Exercise material »
(* Let $H=([n],E)$ be a hypergraph. Then $\Delta_H$ is connected if and only if for every pair of edges $F,F'\in E$ there is a sequence of edges $F=F_1,F_2,\dots,F_r=F'$ such that for each $1\le i\le r-1$, $F_i\cup F_{i+1}\ne[n]$ or $F_i\cap F_{i+1}=\emptyset$.
   Context: A hypergraph $H=([n],E)$ has edges that are nonempty subsets of $[n]$; standing assumptions: every vertex in some edge, no edge of size 1, no edge properly contained in another. The coloring complex $\Delta_H$ is the abstract simplicial complex whose vertices are the nonempty proper subsets of $[n]$ and whose faces are the chains $\emptyset\neq A_1\subsetneq\cdots\subsetneq A_l\neq[n]$ ($l\ge0$) such that, with $A_0=\emptyset$, $A_{l+1}=[n]$, some difference $A_i\setminus A_{i-1}$ ($1\le i\le l+1$) contains an edge of $H$. *)

From mathcomp Require Import all_boot.
From Stdlib Require Import Relations.
Set Implicit Arguments. Unset Strict Implicit. Unset Printing Implicit Defensive.

Definition is_hypergraph (n : nat) (E : {set {set 'I_n}}) : Prop :=
  [/\ forall F, F \in E -> F != set0,
      forall x : 'I_n, exists2 F, F \in E & x \in F,
      forall F, F \in E -> #|F| != 1%N
    & forall F G, F \in E -> G \in E -> ~~ (F \proper G)].

(* A chain A_1 ⊊ ... ⊊ A_l (given as the sequence [:: A_1; ...; A_l]) is a
   face of the coloring complex Δ_H: all A_i are nonempty proper subsets,
   the chain is strictly increasing, and with A_0 = ∅, A_{l+1} = [n] some
   difference A_i \ A_{i-1} (1 <= i <= l+1) contains an edge of H. *)
Definition coloring_face (n : nat) (E : {set {set 'I_n}}) (s : seq {set 'I_n}) : bool :=
  let t := set0 :: rcons s setT in
  [&& sorted (fun A B : {set 'I_n} => A \proper B) s,
      all (fun A : {set 'I_n} => (A != set0) && (A \proper setT)) s &
      has (fun i => [exists F in E, F \subset (nth setT t i.+1 :\: nth set0 t i)])
          (iota 0 (size s).+1)].

Definition coloring_adj (n : nat) (E : {set {set 'I_n}}) (A B : {set 'I_n}) : Prop :=
  coloring_face E [:: A; B] \/ coloring_face E [:: B; A].

(* Δ_H is connected: any two vertices of Δ_H (0-faces) are joined by a path
   of 1-faces. (Vacuously true when Δ_H has no vertices.) *)
Definition coloring_connected (n : nat) (E : {set {set 'I_n}}) : Prop :=
  forall A B : {set 'I_n}, coloring_face E [:: A] -> coloring_face E [:: B] ->
    clos_refl_trans _ (@coloring_adj n E) A B.

Definition edge_step (n : nat) (F G : {set 'I_n}) : bool :=
  (F :|: G != setT) || [disjoint F & G].

(* A vertex A of Δ_H is a 2-colouring (A, ~A) of [n] with a monochromatic edge,
   and comparable vertices A ⊊ B span a 1-face iff some edge is monochromatic for
   both colourings.  Along a path in Δ_H, consecutive vertices thus share a
   monochromatic edge, and two edges monochromatic for one proper colouring have
   union ≠ [n] or are disjoint.  Conversely such a step F_i, F_{i+1} joins F_{i+1}
   to F_i (through F_i ∪ F_{i+1}) or to ~F_i in Δ_H; as complementation is an
   automorphism of Δ_H and every vertex is joined to a monochromatic edge or to its
   complement, it suffices to join one edge F to ~F.  This is possible when
   |~F| ≥ 2, and a step between two distinct edges provides such an F. *)

From mathcomp Require Import all_boot.
From Stdlib Require Import Relations.
Set Implicit Arguments. Unset Strict Implicit. Unset Printing Implicit Defensive.

Lemma setC_eq0 (T : finType) (A : {set T}) : (~: A == set0) = (A == setT).
Proof. by rewrite -setCT (inj_eq (@setC_inj _)). Qed.

Lemma setC_eqT (T : finType) (A : {set T}) : (~: A == setT) = (A == set0).
Proof. by rewrite -setC0 (inj_eq (@setC_inj _)). Qed.

Section ColoringComplex.

Variables (n : nat) (E : {set {set 'I_n}}).

Definition monochromatic (X G : {set 'I_n}) := (G \subset X) || (G \subset ~: X).

Local Notation linked := (clos_refl_trans _ (coloring_adj E)).

Lemma coloring_vertexP (A : {set 'I_n}) :
  reflect [/\ A != set0, A != setT & exists2 G, G \in E & monochromatic A G]
          (coloring_face E [:: A]).
Proof.
rewrite /coloring_face /= setD0 setTD andbT orbF properT.
rewrite -andbA; apply: (iffP and3P) => [[-> -> /orP h]|[-> -> [G GE hG]]]; split=> //.
- by case: h => /exists_inP[G GE hG]; exists G; rewrite // /monochromatic hG ?orbT.
- by case/orP: hG => hG; apply/orP; [left|right]; apply/exists_inP; exists G.
Qed.

Lemma coloring_edgeP (A B : {set 'I_n}) :
  reflect [/\ A \proper B, A != set0, B != setT &
           exists2 G, G \in E & [|| G \subset A, G \subset B :\: A | G \subset ~: B]]
          (coloring_face E [:: A; B]).
Proof.
rewrite /coloring_face /= setD0 setTD !andbT orbF !properT.
apply: (iffP and3P) => [[pAB /and3P[/andP[A0 _] _ BT] h]|[pAB A0 BT [G GE hG]]].
- split=> //; case/or3P: h => /exists_inP[G GE hG]; exists G; rewrite // hG ?orbT //.
- have AT : A != setT by apply: contraTneq pAB => ->; rewrite properE subsetT andbF.
  have B0 : B != set0 by apply: contraTneq pAB => ->; rewrite properE sub0set andbF.
  rewrite pAB A0 AT B0 BT; split=> //.
  by case/or3P: hG => hG; apply/or3P; [constructor 1|constructor 2|constructor 3];
    apply/exists_inP; exists G.
Qed.

Lemma linked_sym (A B : {set 'I_n}) : linked A B -> linked B A.
Proof.
elim=> [X Y [h|h]|X|X Y Z _ hXY _ hYZ].
- by apply: rt_step; right.
- by apply: rt_step; left.
- exact: rt_refl.
- exact: rt_trans hYZ hXY.
Qed.

Lemma linked_subset (A B G : {set 'I_n}) :
  A \subset B -> A != set0 -> B != setT -> G \in E ->
  [|| G \subset A, G \subset B :\: A | G \subset ~: B] -> linked A B.
Proof.
move=> sAB A0 BT GE hG; have [<-|nAB] := eqVneq A B; first exact: rt_refl.
by apply/rt_step; left; apply/coloring_edgeP; split; rewrite ?properEneq ?nAB //; exists G.
Qed.

Lemma coloring_face_compl (A B : {set 'I_n}) :
  coloring_face E [:: A; B] -> coloring_face E [:: ~: B; ~: A].
Proof.
case/coloring_edgeP=> pAB A0 BT [G GE hG]; apply/coloring_edgeP.
rewrite properC setC_eq0 setC_eqT setCK setDE setCK setIC -setDE; split=> //.
by exists G => //; case/or3P: hG => ->; rewrite ?orbT.
Qed.

Lemma linked_compl (A B : {set 'I_n}) : linked A B -> linked (~: A) (~: B).
Proof.
elim=> [X Y [h|h]|X|X Y Z _ hXY _ hYZ].
- by apply: rt_step; right; apply: coloring_face_compl.
- by apply: rt_step; left; apply: coloring_face_compl.
- exact: rt_refl.
- exact: rt_trans hXY hYZ.
Qed.

Lemma coloring_adj_nontrivial (A B : {set 'I_n}) :
  coloring_adj E A B -> B != set0 /\ B != setT.
Proof.
by case; rewrite /coloring_face /= !properT => /and3P[_ /and3P[] /andP[? ?] /andP[? ?]].
Qed.

Lemma coloring_adj_monochromatic (A B : {set 'I_n}) : coloring_adj E A B ->
  exists2 G, G \in E & monochromatic A G && monochromatic B G.
Proof.
have face_mono X Y : coloring_face E [:: X; Y] ->
    exists2 G, G \in E & monochromatic X G && monochromatic Y G.
  case/coloring_edgeP=> /proper_sub sXY _ _ [G GE hG]; exists G => //.
  rewrite /monochromatic; case/or3P: hG => hG.
  - by rewrite hG (subset_trans hG sXY).
  - by move: hG; rewrite subsetD disjoints_subset => /andP[-> ->]; rewrite orbT.
  - by rewrite hG (subset_trans hG (_ : ~: Y \subset ~: X)) ?orbT // setCS.
by case=> /face_mono[G GE hG]; exists G; rewrite // andbC.
Qed.

Lemma monochromatic_edge_step (X G G' : {set 'I_n}) : X != set0 -> X != setT ->
  monochromatic X G -> monochromatic X G' -> edge_step G G'.
Proof.
rewrite /monochromatic /edge_step disjoints_subset => X0 XT.
case/orP=> hG /orP[] hG'.
- by apply/orP; left; apply: contraNneq XT => U; rewrite eqEsubset subsetT -U subUset hG.
- by rewrite (subset_trans hG) ?orbT // subsetC.
- by rewrite (subset_trans hG) ?orbT // setCS.
- apply/orP; left; apply: contraNneq X0 => U.
  by rewrite -setC_eqT eqEsubset subsetT -U subUset hG.
Qed.

Definition edge_reachable (F F' : {set 'I_n}) :=
  exists s : seq {set 'I_n},
    [/\ all (fun G => G \in E) s, path (@edge_step n) F s & last F s = F'].

Lemma edge_reachable_step (F F' : {set 'I_n}) :
  F' \in E -> edge_step F F' -> edge_reachable F F'.
Proof. by move=> F'E st; exists [:: F']; rewrite /= F'E st. Qed.

Lemma edge_reachable_trans (F G F' : {set 'I_n}) :
  edge_reachable F G -> edge_reachable G F' -> edge_reachable F F'.
Proof.
move=> [s1 [E1 p1 <-]] [s2 [E2 p2 <-]]; exists (s1 ++ s2).
by rewrite all_cat cat_path last_cat E1 E2 p1 p2.
Qed.

Lemma linked_edge_reachable (A B G G' : {set 'I_n}) : linked A B ->
  A != set0 -> A != setT -> G' \in E ->
  monochromatic A G -> monochromatic B G' -> edge_reachable G G'.
Proof.
move/clos_rt_rt1n_iff=> hAB; elim: hAB G => {A B} [A|A M B hAM _ IH] G A0 AT G'E hA hB.
  exact/edge_reachable_step/(monochromatic_edge_step A0 AT hA hB).
have [H HE /andP[hAH hMH]] := coloring_adj_monochromatic hAM.
have [M0 MT] := coloring_adj_nontrivial hAM.
apply: (@edge_reachable_trans _ H).
  exact/edge_reachable_step/(monochromatic_edge_step A0 AT hA hAH).
exact: IH M0 MT G'E hMH hB.
Qed.

Hypothesis edge_neq0 : forall F, F \in E -> F != set0.
Hypothesis edge_card_neq1 : forall F, F \in E -> #|F| != 1%N.
Hypothesis edge_cover : forall x : 'I_n, exists2 F, F \in E & x \in F.
Hypothesis edge_antichain : forall F G, F \in E -> G \in E -> ~~ (F \proper G).

Lemma edge_eqT (G : {set 'I_n}) : setT \in E -> G \in E -> G = setT.
Proof. by move=> TE GE; apply/eqP; move: (edge_antichain GE TE); rewrite properT negbK. Qed.

Lemma edge_coloring_vertex (F : {set 'I_n}) :
  F \in E -> F != setT -> coloring_face E [:: F].
Proof.
move=> FE FT; apply/coloring_vertexP; split; rewrite ?edge_neq0 //.
by exists F; rewrite // /monochromatic subxx.
Qed.

Lemma connected_edge_reachable : coloring_connected E ->
  forall F F' : {set 'I_n}, F \in E -> F' \in E -> edge_reachable F F'.
Proof.
move=> conn F F' FE F'E; have [FT|FT] := eqVneq F setT.
  by exists [::]; rewrite (edge_eqT _ F'E) -?FT.
have F'T : F' != setT by apply: contraNneq FT => F'T; rewrite (edge_eqT _ FE) -?F'T.
apply: (linked_edge_reachable (conn F F' _ _));
  by rewrite ?edge_coloring_vertex ?edge_neq0 // /monochromatic subxx.
Qed.

Lemma linked_monochromatic (X G : {set 'I_n}) : X != set0 -> X != setT -> G \in E ->
  monochromatic X G -> linked X G \/ linked X (~: G).
Proof.
move=> X0 XT GE /orP[sGX|sXG]; [left|right].
  by apply/linked_sym/(linked_subset sGX (edge_neq0 GE) XT GE); rewrite subxx.
apply: (linked_subset _ X0 _ GE); first by rewrite subsetC.
  by rewrite setC_eqT edge_neq0.
by rewrite setCK subxx !orbT.
Qed.

Lemma linked_edge_step (H G : {set 'I_n}) : H \in E -> G \in E ->
  edge_step H G -> linked G H \/ linked G (~: H).
Proof.
move=> HE GE /orP[U|D]; [left|right].
  apply: (@rt_trans _ _ _ (H :|: G)).
    by apply: (linked_subset (subsetUr H G) (edge_neq0 GE) U GE); rewrite subxx.
  by apply/linked_sym/(linked_subset (subsetUl H G) (edge_neq0 HE) U HE); rewrite subxx.
have sGH : G \subset ~: H by rewrite subsetC -disjoints_subset.
apply: (linked_subset sGH (edge_neq0 GE) _ GE); first by rewrite setC_eqT edge_neq0.
by rewrite subxx.
Qed.

(* F ⊂ F ∪ {x} ⊃ {x} ⊂ ~F for some x ∉ F, each step witnessed by F itself. *)
Lemma linked_edge_compl (F : {set 'I_n}) : F \in E -> 1 < #|~: F| -> linked F (~: F).
Proof.
move=> FE /card_gt1P[x [y [xF yF xy]]]; rewrite !inE in xF yF.
have F0 := edge_neq0 FE.
have yxF : y \notin x |: F by rewrite !inE negb_or eq_sym xy.
have xFT : x |: F != setT by apply: contraNneq yxF => ->; rewrite inE.
have x0 : [set x] != set0 by apply/set0Pn; exists x; rewrite inE.
apply: (@rt_trans _ _ _ (x |: F)).
  by apply: (linked_subset (subsetU1 x F) F0 xFT FE); rewrite subxx.
apply: (@rt_trans _ _ _ [set x]).
  apply/linked_sym/(linked_subset _ x0 xFT FE); first by rewrite sub1set setU11.
  by rewrite subsetD1 subsetU1 xF orbT.
apply: (linked_subset _ x0 _ FE); first by rewrite sub1set inE.
  by rewrite setC_eqT.
by rewrite setCK subxx !orbT.
Qed.

Lemma edge_step_card_compl (H H' : {set 'I_n}) : H \in E -> H' \in E -> H != H' ->
  edge_step H H' -> 1 < #|~: H|.
Proof.
move=> HE H'E nHH' /orP[U|D].
  have sH'H : ~~ (H' \subset H).
    by move: (edge_antichain H'E HE); rewrite properEneq eq_sym nHH'.
  have pH : ~: (H :|: H') \proper ~: H by rewrite properC properUl.
  by apply: leq_ltn_trans (proper_card pH); rewrite card_gt0 setC_eq0.
rewrite disjoints_subset subsetC in D; apply: leq_trans (subset_leq_card D).
by rewrite ltn_neqAle eq_sym edge_card_neq1 // card_gt0 edge_neq0.
Qed.

Lemma edge_reachable_distinct_step (F F' : {set 'I_n}) : F \in E ->
  edge_reachable F F' -> F != F' ->
  exists H H', [/\ H \in E, H' \in E, H != H' & edge_step H H'].
Proof.
move=> FE [s [sE p <-]]; elim: s F FE sE p => [|G s IH] F FE /=; first by rewrite eqxx.
move=> /andP[GE sE] /andP[st p] nFs.
have [eFG|nFG] := eqVneq F G; last by exists F, G.
by rewrite eFG in nFs; apply: (IH G GE sE p nFs).
Qed.

Lemma exists_edge_card_compl_gt1 (G0 : {set 'I_n}) : G0 \in E -> G0 != setT ->
  (forall F F', F \in E -> F' \in E -> edge_reachable F F') ->
  exists2 F, F \in E & 1 < #|~: F|.
Proof.
move=> G0E G0T reach.
have [x xG0] : exists x, x \in ~: G0 by apply/set0Pn; rewrite setC_eq0.
have [G GE xG] := edge_cover x.
have nG0G : G0 != G by apply: contraTneq xG => <-; rewrite -in_setC.
have [H [H' [HE H'E nHH' st]]] :=
  edge_reachable_distinct_step G0E (reach _ _ G0E GE) nG0G.
by exists H => //; apply: edge_step_card_compl st.
Qed.

Lemma linked_pair_edge_step (X H G : {set 'I_n}) : H \in E -> G \in E ->
  edge_step H G -> linked H X -> linked (~: H) X -> linked G X /\ linked (~: G) X.
Proof.
move=> HE GE st hH hCH; case: (linked_edge_step HE GE st) => hG.
  by split; [apply: rt_trans hG hH | apply: rt_trans (linked_compl hG) hCH].
split; first exact: rt_trans hG hCH.
by apply: rt_trans (linked_compl hG) _; rewrite setCK.
Qed.

Lemma linked_pair_edge_reachable (X F G : {set 'I_n}) : F \in E ->
  edge_reachable F G -> linked F X -> linked (~: F) X -> linked G X /\ linked (~: G) X.
Proof.
move=> FE [s [sE p <-]] {G}; elim: s F FE sE p => [|G s IH] F FE //=.
move=> /andP[GE sE] /andP[st p] hF hCF.
by have [hG hCG] := linked_pair_edge_step FE GE st hF hCF; apply: IH GE sE p hG hCG.
Qed.

Lemma edge_reachable_connected :
  (forall F F', F \in E -> F' \in E -> edge_reachable F F') -> coloring_connected E.
Proof.
move=> reach A B /coloring_vertexP[A0 AT [G0 G0E hA]] /coloring_vertexP[B0 BT [G1 G1E hB]].
have G0T : G0 != setT.
  by apply: contraTneq hA => ->; rewrite /monochromatic !subTset setC_eqT negb_or AT A0.
have [F FE Fbig] := exists_edge_card_compl_gt1 G0E G0T reach.
have linkedF G : G \in E -> linked G F /\ linked (~: G) F.
  move=> GE; apply: (linked_pair_edge_reachable FE (reach _ _ FE GE)); first exact: rt_refl.
  exact/linked_sym/linked_edge_compl.
have vertexF X G : X != set0 -> X != setT -> G \in E -> monochromatic X G -> linked X F.
  move=> X0 XT GE hX; have [hG hCG] := linkedF G GE.
  case: (linked_monochromatic X0 XT GE hX) => h.
    exact: rt_trans h hG.
  exact: rt_trans h hCG.
exact: rt_trans (vertexF A G0 A0 AT G0E hA) (linked_sym (vertexF B G1 B0 BT G1E hB)).
Qed.

End ColoringComplex.

Theorem mainTheorem14 (n : nat) (E : {set {set 'I_n}}) :
  is_hypergraph E ->
  (coloring_connected E <->
   forall F F' : {set 'I_n}, F \in E -> F' \in E ->
     exists s : seq {set 'I_n},
       [/\ all (fun G => G \in E) s, path (@edge_step n) F s & last F s = F']).
Proof.
case=> edge_neq0 edge_cover edge_card_neq1 edge_antichain; split.
  exact: connected_edge_reachable.
exact: edge_reachable_connected.
Qed.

What to produce »
Each line in the entries above, starting at the line with "Lemma linked_subset (A" and ending at the line with "- by rewrite hG (subset_trans hG sXY).", is to be printed exactly, and only those lines.

Your solution »
Lemma linked_subset (A B G : {set 'I_n}) :
  A \subset B -> A != set0 -> B != setT -> G \in E ->
  [|| G \subset A, G \subset B :\: A | G \subset ~: B] -> linked A B.
Proof.
move=> sAB A0 BT GE hG; have [<-|nAB] := eqVneq A B; first exact: rt_refl.
by apply/rt_step; left; apply/coloring_edgeP; split; rewrite ?properEneq ?nAB //; exists G.
Qed.

Lemma coloring_face_compl (A B : {set 'I_n}) :
  coloring_face E [:: A; B] -> coloring_face E [:: ~: B; ~: A].
Proof.
case/coloring_edgeP=> pAB A0 BT [G GE hG]; apply/coloring_edgeP.
rewrite properC setC_eq0 setC_eqT setCK setDE setCK setIC -setDE; split=> //.
by exists G => //; case/or3P: hG => ->; rewrite ?orbT.
Qed.

Lemma linked_compl (A B : {set 'I_n}) : linked A B -> linked (~: A) (~: B).
Proof.
elim=> [X Y [h|h]|X|X Y Z _ hXY _ hYZ].
- by apply: rt_step; right; apply: coloring_face_compl.
- by apply: rt_step; left; apply: coloring_face_compl.
- exact: rt_refl.
- exact: rt_trans hXY hYZ.
Qed.

Lemma coloring_adj_nontrivial (A B : {set 'I_n}) :
  coloring_adj E A B -> B != set0 /\ B != setT.
Proof.
by case; rewrite /coloring_face /= !properT => /and3P[_ /and3P[] /andP[? ?] /andP[? ?]].
Qed.

Lemma coloring_adj_monochromatic (A B : {set 'I_n}) : coloring_adj E A B ->
  exists2 G, G \in E & monochromatic A G && monochromatic B G.
Proof.
have face_mono X Y : coloring_face E [:: X; Y] ->
    exists2 G, G \in E & monochromatic X G && monochromatic Y G.
  case/coloring_edgeP=> /proper_sub sXY _ _ [G GE hG]; exists G => //.
  rewrite /monochromatic; case/or3P: hG => hG.
  - by rewrite hG (subset_trans hG sXY).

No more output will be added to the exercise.